The records »
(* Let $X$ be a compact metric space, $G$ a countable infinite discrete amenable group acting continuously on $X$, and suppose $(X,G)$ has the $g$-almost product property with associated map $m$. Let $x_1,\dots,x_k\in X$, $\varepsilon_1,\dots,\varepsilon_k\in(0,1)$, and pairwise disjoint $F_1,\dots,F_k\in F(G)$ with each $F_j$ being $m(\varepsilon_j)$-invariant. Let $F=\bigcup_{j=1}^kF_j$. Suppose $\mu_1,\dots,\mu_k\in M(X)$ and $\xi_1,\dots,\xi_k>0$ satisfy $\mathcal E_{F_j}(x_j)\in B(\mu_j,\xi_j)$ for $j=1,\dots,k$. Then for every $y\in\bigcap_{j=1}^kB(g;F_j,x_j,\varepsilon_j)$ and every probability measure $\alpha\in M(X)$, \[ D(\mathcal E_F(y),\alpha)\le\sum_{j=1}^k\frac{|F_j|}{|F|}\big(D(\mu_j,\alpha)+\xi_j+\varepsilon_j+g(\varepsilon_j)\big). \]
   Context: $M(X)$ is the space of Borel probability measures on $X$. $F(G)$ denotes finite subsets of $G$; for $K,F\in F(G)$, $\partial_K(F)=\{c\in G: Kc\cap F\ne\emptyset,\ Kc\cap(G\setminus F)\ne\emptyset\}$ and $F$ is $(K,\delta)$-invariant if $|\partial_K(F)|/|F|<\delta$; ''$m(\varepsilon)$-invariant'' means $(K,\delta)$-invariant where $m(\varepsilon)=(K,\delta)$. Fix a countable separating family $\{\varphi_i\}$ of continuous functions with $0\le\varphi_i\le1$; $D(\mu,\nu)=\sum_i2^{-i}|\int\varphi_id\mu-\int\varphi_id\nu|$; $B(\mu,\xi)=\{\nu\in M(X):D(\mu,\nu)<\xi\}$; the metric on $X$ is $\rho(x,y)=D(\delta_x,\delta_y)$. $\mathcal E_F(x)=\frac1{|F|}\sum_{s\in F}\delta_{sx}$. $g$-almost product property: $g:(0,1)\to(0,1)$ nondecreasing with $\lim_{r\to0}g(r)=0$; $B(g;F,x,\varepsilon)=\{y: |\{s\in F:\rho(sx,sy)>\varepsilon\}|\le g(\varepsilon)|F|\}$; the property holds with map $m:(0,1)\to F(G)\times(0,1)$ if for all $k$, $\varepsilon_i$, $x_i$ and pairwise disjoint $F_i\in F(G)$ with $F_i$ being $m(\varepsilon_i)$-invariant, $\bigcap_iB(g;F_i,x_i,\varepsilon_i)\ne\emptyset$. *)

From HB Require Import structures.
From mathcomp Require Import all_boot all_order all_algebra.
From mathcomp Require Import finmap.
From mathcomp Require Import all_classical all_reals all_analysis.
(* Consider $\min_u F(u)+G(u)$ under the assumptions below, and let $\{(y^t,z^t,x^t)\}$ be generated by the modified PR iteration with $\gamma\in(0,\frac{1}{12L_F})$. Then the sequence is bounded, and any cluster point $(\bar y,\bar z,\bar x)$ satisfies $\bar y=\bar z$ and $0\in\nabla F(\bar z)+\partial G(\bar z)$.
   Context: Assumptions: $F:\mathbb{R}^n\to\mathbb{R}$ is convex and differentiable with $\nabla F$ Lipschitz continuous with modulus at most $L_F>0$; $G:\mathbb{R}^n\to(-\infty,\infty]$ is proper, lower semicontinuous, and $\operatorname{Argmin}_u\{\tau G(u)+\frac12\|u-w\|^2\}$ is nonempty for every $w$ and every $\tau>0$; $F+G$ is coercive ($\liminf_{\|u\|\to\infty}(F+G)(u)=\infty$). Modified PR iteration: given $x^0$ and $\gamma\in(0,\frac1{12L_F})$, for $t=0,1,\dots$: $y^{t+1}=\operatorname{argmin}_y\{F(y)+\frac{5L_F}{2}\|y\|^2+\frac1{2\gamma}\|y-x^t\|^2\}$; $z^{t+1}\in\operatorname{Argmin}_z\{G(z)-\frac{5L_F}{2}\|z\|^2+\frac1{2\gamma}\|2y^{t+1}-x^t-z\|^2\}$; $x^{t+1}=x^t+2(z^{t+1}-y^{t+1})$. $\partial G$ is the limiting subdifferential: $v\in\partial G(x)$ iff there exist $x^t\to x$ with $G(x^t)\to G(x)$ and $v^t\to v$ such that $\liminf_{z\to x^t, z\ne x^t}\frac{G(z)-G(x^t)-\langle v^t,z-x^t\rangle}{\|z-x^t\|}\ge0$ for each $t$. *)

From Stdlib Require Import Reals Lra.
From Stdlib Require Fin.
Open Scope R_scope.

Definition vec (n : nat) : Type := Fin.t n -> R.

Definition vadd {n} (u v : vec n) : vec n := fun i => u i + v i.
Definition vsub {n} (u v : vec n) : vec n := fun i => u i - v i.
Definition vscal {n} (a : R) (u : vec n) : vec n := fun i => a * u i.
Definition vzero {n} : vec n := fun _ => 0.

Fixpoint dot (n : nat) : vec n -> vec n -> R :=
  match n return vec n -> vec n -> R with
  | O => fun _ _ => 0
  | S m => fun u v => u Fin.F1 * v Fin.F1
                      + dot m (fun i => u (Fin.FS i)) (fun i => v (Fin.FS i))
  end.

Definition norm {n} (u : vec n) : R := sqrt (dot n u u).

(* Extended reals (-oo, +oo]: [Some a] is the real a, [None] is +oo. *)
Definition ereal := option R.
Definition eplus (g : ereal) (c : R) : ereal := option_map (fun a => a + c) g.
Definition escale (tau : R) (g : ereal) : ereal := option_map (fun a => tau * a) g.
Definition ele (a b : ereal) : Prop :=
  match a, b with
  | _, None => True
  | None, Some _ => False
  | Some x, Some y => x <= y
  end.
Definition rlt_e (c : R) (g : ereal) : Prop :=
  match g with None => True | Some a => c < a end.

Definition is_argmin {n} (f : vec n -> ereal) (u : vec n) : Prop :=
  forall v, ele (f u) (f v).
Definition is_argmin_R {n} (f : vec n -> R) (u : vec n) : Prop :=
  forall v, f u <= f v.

Work request » When a line above includes the word "mathcomp", please list that line.

Completed exercise »
From mathcomp Require Import all_boot all_order all_algebra.
From mathcomp Require Import finmap.
From mathcomp Require Import all_classical all_reals all_analysis.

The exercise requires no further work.